The prophets’ writings (such as those found in Ezekiel and Isaiah) are filled to overflowing with visions and elements of God’s majesty and sovereignty. The New Testament story begins with God’s display of greatness. Glory to God in the highest, the angels sang above the shepherds' field. And on earth peace to men on whom his favor rests.  Jesus' ministry was filled with miracles, His death resulted in the darkening of the sky, an earthquake, the tearing of the veil in the temple, and the opening of graves; the occupants of those graves filled again with life. Three days later He returned from the grave Himself, fully alive.  Forty days after that, He ascended before witnesses just outside of Jerusalem.
This same Jesus revealed Himself to John, His beloved disciple, approximately 40 years later in what has become known as John's Revelation.
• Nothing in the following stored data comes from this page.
(* Let $(V,o)$ be a normal surface singularity with $p_f(V,o)>0$ and $Z^2=-2$, and let $\pi\colon X\to V$ be the minimal resolution. Assume that the fundamental cycle $Z$ is essentially irreducible and that $D_m=Z_{min}$, where $D_m$ is the smallest term of the Yau sequence for $Z$. Then $(V,o)$ is numerically Gorenstein and its canonical cycle is $Z_K=p_f(V,o)\,Y$, where $Y$ is the Yau cycle.
   Context: Let $\pi^{-1}(o)=\bigcup_{i=1}^n E_i$ be the decomposition of the exceptional set into irreducible components. A cycle is a divisor $D=\sum d_iE_i$ with $d_i\in\mathbb Z$; $D_1\le D_2$ means coefficientwise inequality, $D_1<D_2$ means $D_1\le D_2$ and $D_1\ne D_2$; $\mathrm{supp}\,D$ is the union of the $E_i$ with $d_i\neq0$. $K=K_X$ is the canonical divisor of $X$, and for a cycle $D>0$ its arithmetic genus is $p_a(D)=1+\frac12(D^2+D\cdot K)$. The fundamental cycle $Z$ is the smallest cycle $D>0$ with support $\pi^{-1}(o)$ such that $D\cdot E_i\le0$ for all $i$; $p_f(V,o)=p_a(Z)$ is the fundamental genus and $-Z^2$ the degree. For cycles $C$ and $D>0$, ''$\mathcal O_D(-C)$ is numerically trivial'' means $C\cdot E=0$ for every irreducible component $E\le D$. When $p_f(V,o)>0$, $Z_{min}$ denotes the unique minimal cycle $0<Z_{min}\le Z$ with $p_a(Z_{min})=p_a(Z)$. Yau sequence: if $D$ is a cycle that is the fundamental cycle on its own support, with $Z_{min}\le D$, $p_a(D)=p_f(V,o)$ and $D\cdot E=0$ for every component $E\le Z_{min}$, its Tyurina component is the unique maximal cycle $0<D'<D$ such that $\mathcal O_{D'}(-D)$ is numerically trivial and $p_a(D')=p_a(D)$ (it is again the fundamental cycle on its support). Put $D_1=Z$ and let $D_{i+1}$ be the Tyurina component of $D_i$ as long as $D_i\cdot E=0$ for all components $E\le Z_{min}$; the process stops at the first $D_m$ with $D_m\cdot Z_{min}<0$ ($m=1$ if $Z\cdot Z_{min}<0$). The sequence $0<D_m<\dots<D_1=Z$ is the Yau sequence, $m$ its length, and $Y=\sum_{i=1}^mD_i$ the Yau cycle. A $(-2)$-curve is an irreducible exceptional curve $E$ which is a smooth rational curve with $E^2=-2$. $Z$ is essentially irreducible if there is an irreducible component $A\le Z$ which is not a $(-2)$-curve such that, with $k$ the coefficient of $A$ in $Z$, either $Z=kA$ or every irreducible component of $Z-kA$ is a $(-2)$-curve. The canonical cycle $Z_K$ is the cycle with rational coefficients supported on $\pi^{-1}(o)$ satisfying $Z_K\cdot E_i=-K\cdot E_i$ for all $i$; $(V,o)$ is numerically Gorenstein if $Z_K$ has integer coefficients. *)

(* Numerical model of the minimal resolution of a normal
   surface singularity: exceptional components E_0..E_{n-1}, intersection
   matrix M (M i j = E_i . E_j), arithmetic genera g i = p_a(E_i).
   K.E_i is given by adjunction: K.E_i = 2 p_a(E_i) - 2 - E_i^2. *)
From HB Require Import structures.
From mathcomp Require Import all_boot all_order all_algebra.
Set Implicit Arguments. Unset Strict Implicit. Unset Printing Implicit Defensive.
Import Order.TTheory GRing.Theory Num.Theory.
Local Open Scope ring_scope.

Definition icycle (n : nat) := {ffun 'I_n -> int}.

Definition zeroC (n : nat) : icycle n := [ffun _ => 0].

Definition compC (n : nat) (i : 'I_n) : icycle n := [ffun j => (j == i)%:R].

Definition inter (n : nat) (M : 'M[int]_n) (D1 D2 : icycle n) : int :=
  \sum_(i < n) \sum_(j < n) D1 i * D2 j * M i j.

Definition KE (n : nat) (M : 'M[int]_n) (g : 'I_n -> nat) (i : 'I_n) : int :=
  2 * (g i)%:Z - 2 - M i i.

Definition Kdot (n : nat) (M : 'M[int]_n) (g : 'I_n -> nat) (D : icycle n) : int :=
  \sum_(i < n) D i * KE M g i.

Definition pa (n : nat) (M : 'M[int]_n) (g : 'I_n -> nat) (D : icycle n) : rat :=
  1 + (inter M D D + Kdot M g D)%:~R / 2.

Definition leC (n : nat) (D1 D2 : icycle n) : Prop := forall i, D1 i <= D2 i.
Definition ltC (n : nat) (D1 D2 : icycle n) : Prop := leC D1 D2 /\ D1 <> D2.
Definition posC (n : nat) (D : icycle n) : Prop := ltC (zeroC n) D.

Definition exc_config (n : nat) (M : 'M[int]_n) (g : 'I_n -> nat) : Prop :=
  (0 < n)%N /\
  (forall i j, M i j = M j i) /\
  (forall i j, i != j -> 0 <= M i j) /\
  (forall D : icycle n, D <> zeroC n -> inter M D D < 0) /\
  (forall i j, connect (fun a b => (a != b) && (0 < M a b)) i j) /\
  (* minimality: no smooth rational (-1)-curves *)
  (forall i, ~ (g i = 0%N /\ M i i = -1)).

Definition antinef_on (n : nat) (M : 'M[int]_n) (S : pred 'I_n) (D : icycle n) :=
  [/\ posC D, (forall i, (D i != 0) = S i) & (forall i, S i -> inter M D (compC i) <= 0)].

Definition is_fundamental_on (n : nat) (M : 'M[int]_n) (S : pred 'I_n) (D : icycle n) :=
  antinef_on M S D /\ (forall D', antinef_on M S D' -> leC D D').

Definition is_fundamental_cycle (n : nat) (M : 'M[int]_n) (Z : icycle n) :=
  is_fundamental_on M predT Z.

Definition is_Zmin (n : nat) (M : 'M[int]_n) (g : 'I_n -> nat) (Z Zm : icycle n) :=
  [/\ posC Zm, leC Zm Z, pa M g Zm = pa M g Z &
      forall D, posC D -> leC D Z -> pa M g D = pa M g Z -> leC Zm D].

(* O_D(-C) numerically trivial: C.E = 0 for every component E <= D *)
Definition num_trivial (n : nat) (M : 'M[int]_n) (C D : icycle n) :=
  forall i, 0 < D i -> inter M C (compC i) = 0.

Definition is_tyurina (n : nat) (M : 'M[int]_n) (g : 'I_n -> nat) (D D' : icycle n) :=
  [/\ posC D', ltC D' D, num_trivial M D D', pa M g D' = pa M g D &
      forall D'', posC D'' -> ltC D'' D -> num_trivial M D D'' ->
        pa M g D'' = pa M g D -> leC D'' D'].

(* D 0, ..., D (m-1) is the Yau sequence D_1 > ... > D_m for Z *)
Definition is_yau_seq (n : nat) (M : 'M[int]_n) (g : 'I_n -> nat) (Z Zm : icycle n)
    (m : nat) (D : nat -> icycle n) :=
  [/\ (0 < m)%N, D 0%N = Z,
      (forall i, (i.+1 < m)%N -> num_trivial M (D i) Zm /\ is_tyurina M g (D i) (D i.+1))
    & inter M (D m.-1) Zm < 0].

Definition yau_cycle (n : nat) (m : nat) (D : nat -> icycle n) : icycle n :=
  [ffun j => \sum_(i < m) D i j].

Definition minus2_curve (n : nat) (M : 'M[int]_n) (g : 'I_n -> nat) (i : 'I_n) :=
  g i = 0%N /\ M i i = -2.

Definition ess_irreducible (n : nat) (M : 'M[int]_n) (g : 'I_n -> nat) (Z : icycle n) :=
  exists A : 'I_n, [/\ 0 < Z A, ~ minus2_curve M g A &
    let k := Z A in
    (forall j, Z j = (if j == A then k else 0)) \/
    (forall j, Z j - (if j == A then k else 0) != 0 -> minus2_curve M g j)].

Definition is_canonical_cycle (n : nat) (M : 'M[int]_n) (g : 'I_n -> nat)
    (ZK : 'I_n -> rat) :=
  forall i, \sum_(j < n) ZK j * (M j i)%:~R = - (KE M g i)%:~R.

Definition num_gorenstein (n : nat) (M : 'M[int]_n) (g : 'I_n -> nat) :=
  (exists ZK, is_canonical_cycle M g ZK) /\
  forall ZK, is_canonical_cycle M g ZK -> forall i, exists z : int, ZK i = z%:~R.

(* The components other than [A] are (-2)-curves, so [K.X = X_A (K.A)] for
   every cycle [X], and [Z_K = p_f Y] amounts to [Y.E = 0] for [E != A]
   together with [Z_A (Y.A) = -2]; the latter follows from the former since
   distinct terms of the Yau sequence are orthogonal, whence [Z.Y = Z^2 = -2].
   For the former, the tails [Y_i = D_i + ... + D_m] are shown orthogonal to
   the components [E != A] of [D_i] by descending induction on [i]. For
   [i = m] this is the minimality of [Z_min]. From [i+1] to [i] one expands
   [(D_i - D_{i+1}).(D_i + Y_{i+1}) = D_i^2 - D_{i+1}^2 = -(D_i - D_{i+1})_A K.A]
   componentwise: the maximality of Tyurina components and Laufer's inequality
   [p_a(X) <= p_a(Z)] give every term a sign, so all terms vanish. A drop of
   the coefficient of [A] forces [K.A = 1] and [Z_min.A = -1], and can only
   happen at the last step, where it is handled the same way. Finally [p_f] is
   an integer and [Z_K] is unique by negative definiteness. *)

From HB Require Import structures.
From mathcomp Require Import all_boot all_order all_algebra.
From mathcomp Require Import zify ring lra.
Import Order.TTheory GRing.Theory Num.Theory.
Set Implicit Arguments. Unset Strict Implicit. Unset Printing Implicit Defensive.
Local Open Scope ring_scope.

Lemma mulz_eqN1 (a x : int) : 1 <= a -> a * x = -1 -> a = 1 /\ x = -1.
Proof.
move=> a_ge1 ax; have : a \is a intUnitRing.unitz.
  by apply: (@intUnitRing.unitzPl _ (- x)); rewrite mulNr mulrC ax opprK.
by nia.
Qed.

Section Resolution.

Variables (n : nat) (M : 'M[int]_n) (g : 'I_n -> nat).

Lemma cycleDE (X Y : icycle n) j : (X + Y) j = X j + Y j.
Proof. by rewrite ffunE. Qed.

Lemma cycleBE (X Y : icycle n) j : (X - Y) j = X j - Y j.
Proof. by rewrite !ffunE. Qed.

Lemma compCE (E j : 'I_n) : compC E j = (j == E)%:R.
Proof. by rewrite ffunE. Qed.

Lemma cycle_neq0P (X : icycle n) : reflect (exists j, X j != 0) (X != 0).
Proof.
apply: (iffP idP) => [nzX|[j]]; last by apply: contraNneq => ->; rewrite ffunE.
apply/existsP; apply: contraNT nzX; rewrite negb_exists => /forallP X0.
by apply/eqP/ffunP => j; rewrite ffunE; apply/eqP/negPn/X0.
Qed.

Lemma posC_ge0 (X : icycle n) : posC X -> forall j, 0 <= X j.
Proof. by move=> [X0 _] j; have := X0 j; rewrite ffunE. Qed.

Lemma posC_neq0 (X : icycle n) : posC X -> X != 0.
Proof. by move=> [_ nzX]; apply/eqP => X0; apply: nzX; rewrite X0. Qed.

Lemma posCP (X : icycle n) : (forall j, 0 <= X j) -> X != 0 -> posC X.
Proof.
move=> X0 /eqP nzX; split; first by move=> j; rewrite ffunE.
by move=> X0'; apply: nzX; rewrite -X0'.
Qed.

Lemma compC_neq0 E : compC E != 0 :> icycle n.
Proof. by apply/cycle_neq0P; exists E; rewrite compCE eqxx. Qed.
John's description of the Christ is much like those of Ezekiel and Isaiah in detail.
His feet were like bronze glowing in a furnace, and his voice was like the sound of rushing waters…When I saw him, I fell at his feet as though dead. Then he placed his right hand on me and said: “Do not be afraid. I am the First and the Last. I am the Living One; I was dead and behold I am alive for ever and ever! And I hold the keys of death and Hades.”
God displayed his power and will to Paul on the road to Damascus and, at some point, took the apostle (or so theologians believe it was Paul) to “the third heaven.”  Is it any wonder then that Paul wrote:
Oh, the depth of the riches of the wisdom and knowledge of God! How Unsearchable his judgments and his paths beyond tracing out. Who has known the mind of the Lord? Or who has been his counselor? Who has ever given to God that God should repay him? For from him and through him and to him are all things. To him be the glory forever!
How Great is Our God!
And is it any wonder then that Chris Tomlin penned his words in tribute to the greatness of God? Or that even with the sheer beauty and imagery of the lyrics and the Scriptures, we cannot come close to knowing… to understanding… to reaching the full definition of His greatness.
Perhaps none of us, really, are ready to know just how wonderful God truly is."